Aus dem Villnösstal kommend, Abzweig in Pitzak und über St. Peter zum Würzjoch hinauf. Anreise auch aus dem Gadertal (Val Badia) möglich, Abzweig in St. Martin in Thurn. Von Mitte Juni bis Ende August verkehrt auch der Linienbus SAD, Fahrpläne: sii.bz.it

Ausgangspunkt

Großer Parkplatz am Würzjoch (2006 m).

Einkehr

Am Höhepunkt der Tour wartet nahe des Peitlerkofels auf den Peitlerwiesen, etwas von der Route weg nach Südosten, die Almhütte Vaciara auf Gäste. Hier kann man auch übernachten: gscnara.it. Nach dem Gömajoch gibt es zwei Möglichkeiten: Die Gömahütte (Ütia de Göma) kommt recht bald nach dem Joch in Sicht; die Peitlerhütte (Ütia Sot Pütia) liegt ein Stück weiter unten.

Beste Zeit

Ende Juni bis Oktober

Karte

Tabacco, Blatt 030 Brixen/ Villnöss, 1:25 000, 9,90 Euro; Kompass, Blatt 56 Brixen, 1:50 000, 7,95 Euro.

Infos

Tourismusverein Villnösser Tal, Tel. 00 39/04 72/ 84 01 80, villnoess.com

Route

Vom Würzjoch wandert man auf der Almstraße (Weg 8 A) zur Munt de Fornella. Dort verzweigt sich der Weg, und man startet am besten gegen den Uhrzeigersinn. Vorteil:Die steinschlaggefährdete Passage ist noch nicht von der Sonne erwärmt.

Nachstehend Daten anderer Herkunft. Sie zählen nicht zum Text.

Lemma equivE_f_at x x' y z :
  equivE f x x' -> equivE f (f_at f x y z) (f_at f x' y z).
Proof. intros H M op HE s; now rewrite !eval_f_at, (H M op HE s). Qed.

Lemma equivE_law t y z : equivE f t (Op t (f_at f t y z)).
Proof. intros M op HE s; simpl; rewrite eval_f_at; apply HE. Qed.

Inductive step : word X -> word X -> Prop :=
| step_expand t y z : step t (Op t (f_at f t y z))
| step_contract t y z : step (Op t (f_at f t y z)) t
| step_Opl u u' v : step u u' -> step (Op u v) (Op u' v)
| step_Opr u v v' : step v v' -> step (Op u v) (Op u v').

Lemma step_sym u v : step u v -> step v u.
Proof. induction 1; constructor; auto. Qed.

Lemma equivE_step u v : step u v -> equivE f u v.
Proof.
  induction 1.
  - apply equivE_law.
  - apply equivE_sym, equivE_law.
  - now apply equivE_Op, equivE_refl.
  - now apply equivE_Op; [apply equivE_refl |].
Qed.

Definition derivable : relation (word X) := clos_refl_sym_trans _ step.

Lemma derivable_Opl u u' v : derivable u u' -> derivable (Op u v) (Op u' v).
Proof.
  induction 1; [apply rst_step; now constructor | apply rst_refl
               | now apply rst_sym | eapply rst_trans; eauto].
Qed.

Lemma derivable_Opr u v v' : derivable v v' -> derivable (Op u v) (Op u v').
Proof.
  induction 1; [apply rst_step; now constructor | apply rst_refl
               | now apply rst_sym | eapply rst_trans; eauto].
Qed.

(* The term model: elements are the [derivable]-classes of words, kept as
   predicates so that the magma operation needs no choice of representatives. *)
Definition term_model : Type := { P : word X -> Prop | exists u, P = derivable u }.

Definition class u : term_model := exist _ (derivable u) (ex_intro _ u eq_refl).

Lemma class_surj (P : term_model) : exists u, P = class u.
Proof.
  destruct P as [P [u ->]]; exists u; unfold class; f_equal; apply proof_irrelevance.
Qed.

Lemma class_eq u v : derivable u v -> class u = class v.
Proof.
  intros H; unfold class; apply eq_exist_uncurried; simpl.
  assert (Huv : derivable u = derivable v).
  { apply functional_extensionality; intro t; apply propositional_extensionality.
    split; intro Ht; eapply rst_trans; eauto using rst_sym. }
  exists Huv; apply proof_irrelevance.
Qed.

Lemma derivable_class_inj u v : class u = class v -> derivable u v.
Proof.
  intros H; apply (f_equal (@proj1_sig _ _)) in H; simpl in H.
  rewrite H; apply rst_refl.
Qed.

Lemma derivable_Op u u' v v' :
  derivable u u' -> derivable v v' -> derivable (Op u v) (Op u' v').
Proof.
  intros Hu Hv; eapply rst_trans; [apply derivable_Opl, Hu | apply derivable_Opr, Hv].
Qed.

Lemma derivable_Op_classes u v :
  (fun t => exists u' v', derivable u u' /\ derivable v v' /\ derivable (Op u' v') t)
  = derivable (Op u v).
Proof.
  apply functional_extensionality; intro t; apply propositional_extensionality.
  split.
  - intros (u' & v' & Hu & Hv & Ht); eapply rst_trans; [apply derivable_Op |]; eauto.
  - intros Ht; exists u, v; repeat split; [apply rst_refl | apply rst_refl | exact Ht].
Qed.

Definition model_op (P Q : term_model) : term_model.
Proof.
  refine (exist _ (fun t => exists u v, proj1_sig P u /\ proj1_sig Q v
                                     /\ derivable (Op u v) t) _).
  destruct P as [P [u ->]], Q as [Q [v ->]]; exists (Op u v).
  apply derivable_Op_classes.
Defined.

Lemma model_op_class u v : model_op (class u) (class v) = class (Op u v).
Proof.
  apply eq_exist_uncurried; exists (derivable_Op_classes u v); apply proof_irrelevance.
Qed.

Lemma eval_model {Y : Type} (s : Y -> term_model) (sg : Y -> word X) (u : word Y) :
  (forall a, s a = class (sg a)) -> eval model_op s u = class (subst sg u).
Proof.
  intros H; induction u; simpl; [apply H |].
  now rewrite IHu1, IHu2, model_op_class.
Qed.

Lemma term_model_satisfiesE : satisfiesE f model_op.
Proof.
  intros a b c.
  destruct (class_surj a) as [x ->], (class_surj b) as [y ->], (class_surj c) as [z ->].
  rewrite (eval_model _ (val3 x y z)) by now intros [].
  rewrite model_op_class; apply class_eq, rst_step, step_expand.
Qed.

Lemma derivable_of_equivE u v : equivE f u v -> derivable u v.
Proof.
  intros H; specialize (H _ _ term_model_satisfiesE (fun a => class (Var a))).
  rewrite !(eval_model _ Var) in H by reflexivity.
  rewrite !subst_Var in H; now apply derivable_class_inj.
Qed.

Lemma chain_snoc (b : word X) vs v : chain b (vs ++ [v]) = Op (chain b vs) v.
Proof. unfold chain; now rewrite fold_left_app. Qed.

Definition good_link (t v : word X) : Prop :=
  exists x y z, equivE f v (f_at f x y z) /\ equivE f x t.

Lemma good_chain_snoc (b : word X) vs v :
  good_chain f b (vs ++ [v]) <-> good_chain f b vs /\ good_link (chain b vs) v.
Proof.
  unfold good_chain, good_link; rewrite length_app; simpl.
  assert (Hpre : forall i, i <= length vs -> firstn i (vs ++ [v]) = firstn i vs).
  { intros i Hi; rewrite firstn_app.
    replace (i - length vs) with 0 by lia; apply app_nil_r. }
  assert (Hlast : nth (length vs) (vs ++ [v]) b = v).
  { now rewrite app_nth2, Nat.sub_diag by lia. }
  split.
  - intros H; split.
    + intros i Hi; rewrite <- app_nth1 with (l' := [v]), <- Hpre by lia.
      apply H; lia.
    + specialize (H (length vs) ltac:(lia)).
      now rewrite Hlast, Hpre, firstn_all in H by lia.
  - intros [H Hv] i Hi.
    destruct (Nat.lt_ge_cases i (length vs)) as [Hlt | Hge].
    + rewrite app_nth1, Hpre by lia; now apply H.
    + replace i with (length vs) by lia.
      now rewrite Hlast, Hpre, firstn_all by lia.
Qed.

Inductive chain_over (B : word X -> Prop) : word X -> Prop :=
| chain_over_base b : B b -> chain_over B b
| chain_over_link t v : chain_over B t -> good_link t v -> chain_over B (Op t v).

Lemma chain_over_good_chain (B : word X -> Prop) t :
  chain_over B t <-> exists b vs, B b /\ good_chain f b vs /\ t = chain b vs.
Proof.
  split.
  - induction 1 as [b Hb | t v _ (b & vs & Hb & Hg & ->) Hv].
    + exists b, []; repeat split; auto; intros i Hi; simpl in Hi; lia.
    + exists b, (vs ++ [v]); rewrite chain_snoc, good_chain_snoc; auto.
  - intros (b & vs & Hb & Hg & ->); revert Hg.
    induction vs as [| v vs IH] using rev_ind; intros Hg; [now constructor |].
    apply good_chain_snoc in Hg as [Hg Hv]; rewrite chain_snoc.
    apply chain_over_link; auto.
Qed.

Definition closed_up_to_expansion (B : word X -> Prop) : Prop :=
  forall b t, B b -> step b t -> B t \/ exists y z, t = Op b (f_at f b y z).

Lemma good_link_equivE t t' v v' :
  equivE f t t' -> equivE f v v' -> good_link t v -> good_link t' v'.
Proof.
  intros Ht Hv (x & y & z & Hvx & Hxt); exists x, y, z; split.
  - eapply equivE_trans; [apply equivE_sym, Hv | exact Hvx].
  - eapply equivE_trans; [exact Hxt | exact Ht].
Qed.

Lemma good_link_expand t y z : good_link t (f_at f t y z).
Proof. exists t, y, z; split; apply equivE_refl. Qed.
Lemma bdd_bidual_seq_interpolation m (s : seq {T : A -> A -> K | bdd_bil T}) :
  bdd_bidual m ->
  exists x, forall t, List.In t s -> fin_pair (proj1_sig t) x = m (proj1_sig t).
Proof.
move=> Hm; have [x Hx] := bdd_bidual_fin_interpolation
  (F := fun i => proj1_sig (tnth (in_tuple s) i)) Hm (fun i => proj2_sig _).
exists x => t ts; have [i <-] := In_tnth ts; exact: Hx.
Qed.

End Tensors.

Section BanachAlgebra.
Variables (K : numFieldType) (A : normedModType K) (mul : A -> A -> A).
Hypothesis HB : banach_algebra mul.
Implicit Types (T : A -> A -> K) (x : seq (A * A)).

Lemma bdd_bil_ractT T a : bdd_bil T -> bdd_bil (ractT mul T a).
Proof.
case: HB => _ _ mul_linr mul_norm [[T1 T2] [D [D_ge0 TD]]]; split.
  by split=> [b|c] k y z; rewrite /ractT ?mul_linr; [apply: T1 | apply: T2].
exists (D * `|a|); split=> [|b c]; first by rewrite mulr_ge0.
apply: le_trans (TD _ _) _; rewrite -!mulrA ler_wpM2l // mulrA.
by rewrite ler_wpM2r.
Qed.

Lemma bdd_bil_lactT T a : bdd_bil T -> bdd_bil (lactT mul a T).
Proof.
case: HB => _ mul_linl _ mul_norm [[T1 T2] [D [D_ge0 TD]]]; split.
  by split=> [b|c] k y z; rewrite /lactT ?mul_linl; [apply: T1 | apply: T2].
exists (D * `|a|); split=> [|b c]; first by rewrite mulr_ge0.
apply: le_trans (TD _ _) _; rewrite [X in _ <= X](_ : _ = D * `|b| * (`|c| * `|a|)).
  by rewrite ler_wpM2l ?mulr_ge0.
by ring.
Qed.

Lemma bdd_bil_comp_mul g : bdd_fun g -> bdd_bil (fun b c => g (mul b c)).
Proof.
case: HB => _ mul_linl mul_linr mul_norm [glin [D [D_ge0 gD]]]; split.
  by split=> [b|c] k y z; rewrite ?mul_linl ?mul_linr; apply: glin.
exists D; split=> // b c; apply: le_trans (gD _) _.
by rewrite -mulrA ler_wpM2l.
Qed.

Lemma tpair_seq_ractT T a x : bdd_bil T ->
  tpair T (fun n => mul a (tens_l x n)) (tens_r x) = fin_pair (ractT mul T a) x.
Proof. by move=> /(bdd_bil_ractT a) [bT _]; apply: tpair_seq. Qed.

Lemma tpair_seq_lactT T a x : bdd_bil T ->
  tpair T (tens_l x) (fun n => mul (tens_r x n) a) = fin_pair (lactT mul a T) x.
Proof. by move=> /(bdd_bil_lactT a) [bT _]; apply: tpair_seq. Qed.

End BanachAlgebra.

Section RefinedNet.
Variables (K : numFieldType) (A : normedModType K) (mul : A -> A -> A).
Variables (Astar : (A -> K) -> Prop) (I : Type) (le : I -> I -> Prop).

Definition refined_index := (I * seq {T : A -> A -> K | bdd_bil T})%type.
Definition refined_le (j1 j2 : refined_index) := le j1.1 j2.1 /\ List.incl j1.2 j2.2.

Hypothesis Hdir : directed le.

Lemma directed_refined : directed refined_le.
Proof.
case: Hdir => [[i0] le_refl le_trans le_dir]; split.
- exact: inhabits (i0, [::]).
- by move=> j; split; [apply: le_refl | apply: List.incl_refl].
- move=> j1 j2 j3 [le12 incl12] [le23 incl23].
  by split; [apply: le_trans le12 le23 | apply: List.incl_tran incl12 incl23].
- move=> j1 j2; have [k [le1 le2]] := le_dir j1.1 j2.1.
  exists (k, j1.2 ++ j2.2).
  split; split=> //; [apply: List.incl_appl | apply: List.incl_appr].
  all: exact: List.incl_refl.
Qed.

Hypothesis HB : banach_algebra mul.
Hypothesis Hbdd : forall f, Astar f -> bdd_fun f.
Hypothesis Hmodr : forall a f, Astar f -> Astar (fun b => f (mul b a)).
Variables (m : I -> (A -> A -> K) -> K) (w : I -> A) (X : refined_index -> seq (A * A)).
Hypothesis Hcomm :
  forall i a T, sigma_wc mul Astar T -> lactB mul a (m i) T = ractB mul (m i) a T.
Hypothesis Hw : forall i f, Astar f -> f (w i) = m i (fun b c => f (mul b c)).
Hypothesis Hunit :
  forall a eps, 0 < eps -> exists i0, forall i, le i0 i -> `|mul (w i) a - a| < eps.
Hypothesis HX :
  forall j t, List.In t j.2 -> fin_pair (proj1_sig t) (X j) = m j.1 (proj1_sig t).

Lemma refined_asymptotically_central a T : sigma_wc mul Astar T ->
  exists j0, forall j, refined_le j0 j ->
    fin_pair (ractT mul T a) (X j) = fin_pair (lactT mul a T) (X j).
Proof.
move=> hT; have [bT _ _] := hT; case: Hdir => [[i0] _ _ _].
exists (i0, [:: exist _ _ (bdd_bil_ractT HB a bT); exist _ _ (bdd_bil_lactT HB a bT)]).
move=> j [_ incl_j]; rewrite (HX (incl_j _ (or_introl erefl))).
by rewrite (HX (incl_j _ (or_intror (or_introl erefl)))); apply: Hcomm.
Qed.

Lemma refined_approximate_unit a f : Astar f -> forall eps, 0 < eps ->
  exists j0, forall j, refined_le j0 j -> `|f (mul (fin_mul mul (X j)) a) - f a| < eps.
Proof.
move=> hf eps eps_gt0; have [flin [D [D_ge0 fD]]] := Hbdd hf.
have hfa := Hmodr a hf; have fa_bdd := Hbdd hfa.
have D1_gt0 : 0 < D + 1 := ltr_wpDl D_ge0 ltr01.
have [i0 Hi0] := Hunit a (divr_gt0 eps_gt0 D1_gt0).
exists (i0, [:: exist _ _ (bdd_bil_comp_mul HB fa_bdd)]) => j [le_j incl_j].
have -> : f (mul (fin_mul mul (X j)) a) = f (mul (w j.1) a).
  rewrite (fin_pair_comp_mul _ _ fa_bdd.1) (HX (incl_j _ (or_introl erefl))) /=.
  by rewrite (Hw _ hfa).
rewrite -lin_funB //; apply: le_lt_trans (fD _) _.
apply: le_lt_trans (_ : `|mul (w j.1) a - a| * (D + 1) < eps).
  by rewrite mulrC ler_wpM2l // lerDl.
by rewrite -(ltr_pdivlMr _ _ D1_gt0); apply: Hi0.
Qed.

End RefinedNet.

Local Open Scope complex_scope.

Theorem lemma2p4 (R : realType) (A : completeNormedModType R[i])
    (mul : A -> A -> A) (Astar : (A -> R[i]) -> Prop) :
  banach_algebra mul ->
  dual_banach_algebra mul Astar ->
  johnson_pseudo_connes_amenable mul Astar ->
  pseudo_connes_amenable mul Astar.
Proof.
move=> HB [Hbdd _ Hmod _ _] [I [le [Hdir [m [w [Hm Hcomm Hw Hunit]]]]]].
have Hmodr a f : Astar f -> Astar (fun b => f (mul b a)) by move=> /(Hmod a) [].
have [X HX] :=
  choice (fun j : refined_index A I => bdd_bidual_seq_interpolation j.2 (Hm j.1)).
exists (refined_index A I), (refined_le le); split; first exact: directed_refined.
exists (fun j => tens_l (X j)), (fun j => tens_r (X j)), (fun j => fin_mul mul (X j)); split.
- by move=> j; apply: ptens_rep_seq.
- move=> j f /Hbdd f_bdd; rewrite tpair_seq; last exact: (bdd_bil_comp_mul HB f_bdd).1.
  exact: fin_pair_comp_mul f_bdd.1.
- move=> a T hT eps eps_gt0; have [bT _ _] := hT.
  have [j0 Hj0] := refined_asymptotically_central Hdir HB Hcomm HX a hT.
  exists j0 => j /Hj0 central_j.
  by rewrite tpair_seq_ractT // tpair_seq_lactT // central_j subrr normr0.
- move=> a f; exact: (refined_approximate_unit HB Hbdd Hmodr Hw Hunit HX a).
Qed.
Lemma tends_to_zero_exp_poly_class (I : finType) (P : pred I) (w : I -> C)
    (q : I -> {poly C}) :
  (forall i, P i -> `|w i| = 1) ->
  tends_to_zero (fun k => \sum_(i | P i) (q i).[k%:R] * w i ^+ k) ->
  forall i0, P i0 -> \sum_(i | P i && (w i == w i0)) q i = 0.
Proof.
move=> w1 f0 i0 Pi0.
pose s := undup (map w (enum P)).
have ws i : P i -> w i \in s.
  by move=> Pi; rewrite mem_undup map_f ?mem_enum.
pose Q z := \sum_(i | P i && (w i == z)) q i.
apply: (@tends_to_zero_exp_poly s Q (undup_uniq _)); rewrite ?ws //.
  move=> z; rewrite mem_undup; case/mapP => i; rewrite mem_enum => Pi ->; exact: w1.
suff -> : (fun k => \sum_(z <- s) (Q z).[k%:R] * z ^+ k)
        = (fun k => \sum_(i | P i) (q i).[k%:R] * w i ^+ k) by [].
apply: funext => k; rewrite /Q.
under eq_bigr => z _ do rewrite horner_sum mulr_suml big_mkcondr /=.
rewrite exchange_big /=; apply: eq_bigr => i Pi.
rewrite (big_rem (w i)) ?ws //= eqxx big1_seq ?addr0 // => z /andP [_ zs].
suff /negbTE -> : w i != z by [].
by apply: contraTneq zs => <-; rewrite mem_rem_uniqF ?undup_uniq.
Qed.
End ExponentialPolynomials.

Section Characters.
Variables (R : realType) (n : nat).
Implicit Types (l x y : 'rV[R]_n).

Lemma dotvDr l x y : dotv l (x + y) = dotv l x + dotv l y.
Proof. by rewrite /dotv -big_split; apply: eq_bigr => k _; rewrite mxE mulrDr. Qed.
(* With bounded lower-left entries the g k are bounded, hence eventually +-B along a
   subsequence; the zoomed conjugates of B stay bounded only if B fixes z0. *)
Lemma zoom_limit_psl_id : psl_is_id A.
Proof.
  destruct zoom_limit_mc_bounded as [M HM].
  destruct (mconv_bounded _ _ HA) as [KA HKA].
  destruct (kleinian_bounded_eventually_pm G HG g _ Hg
              (fun k => zoom_preimage_mnorm_le z0 (s k) (g k) KA (Hs k) (HKA k) M (HM k)))
    as [phi [ip [N HN]]].
  set (B := g (phi N)) in *.
  assert (Aphi : mconv (fun k => mconj (zoom z0 (s (phi k))) (g (phi k))) A).
  { apply (mconv_subseq (fun k => mconj (zoom z0 (s k)) (g k)) A phi); auto.
    apply strictly_increasing_ge; auto. }
  destruct (classic (psl_is_id B)) as [HB|HB].
  - apply (mconv_eventually_pm _ A mid N Aphi). intros k Hk.
    assert (HP : SL2 (zoom z0 (s (phi k)))) by (apply SL2_zoom; pose proof (Hs (phi k)); lra).
    destruct (HN k Hk) as [-> | ->]; destruct HB as [-> | ->];
      rewrite ?mconj_mneg, mconj_mid, ?mnegK; auto.
  - exfalso. apply HnL, (limit_set_fixed_point G B z0); [auto | apply Hg | | auto].
    set (KB := Cmod (ma B) + 2 * Cmod (mc B) * Cmod z0 + Cmod (md B)).
    apply Cmod_eq_0, (null_seq_bound_eq0 _ (fun k => s (phi k)) (KA + Cmod z0 * KB));
      [apply Cmod_ge_0 | apply null_seq_subseq; auto; apply strictly_increasing_ge; auto|].
    exists N. intros k Hk. pose proof (Hs (phi k)) as Ht.
    eapply Rle_trans; [apply fix_eq_le_zoom; auto|]. apply Rmult_le_compat_l; [lra|].
    apply Rplus_le_compat_r. specialize (HKA (phi k)).
    destruct (Cmod_entries_le_mnorm (mconj (zoom z0 (s (phi k))) (g (phi k)))) as [_ [Hb _]].
    destruct (HN k Hk) as [E | E]; rewrite E in Hb, HKA; [lra|].
    rewrite mconj_mneg, mnorm_mneg in Hb, HKA. cbn [mb mneg] in Hb. rewrite Cmod_opp in Hb. lra.
Qed.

Die Route quert unter den Westabstürzen des Peitlerkofels zum Graben des Schartenbaches. Es folgt ein kräftiger Anstieg durch die Schotterflanken des Grabens zur Peitlerscharte (2357 m). Die Aussicht entschädigt für die Anstrengung. Im Norden reihen sich die Tauern, im Osten Kreuzkofel, Sellastock und Puez-Gruppe aneinander. Wer den Rundblick steigern möchte, steigt auf den Gipfel. Dieser bleibt jedoch routinierten Berggängern vorbehalten; die heiklen Stellen sind klettersteigähnlich abgesichert. Mit anderthalb Stunden bis zum Gipfel muss man rechnen. Alternativ und gemütlicher geht es südöstlich etwa 200 Höhenmeter hinab und dann auf dem Weg Nr. 35 nach links. Wer kurz von der Route abweicht, kann in der Almhütte Vaciara einkehren. Dann weiter über die blumenreichen Peitlerwiesen. Am Gömajoch (2111 m) knickt die Route nach Nordwesten, verliert an Höhe. Weg Nr. 35 rechts liegen lassen; man folgt nun dem Weg 8 B, bis der Kreis sich schließt.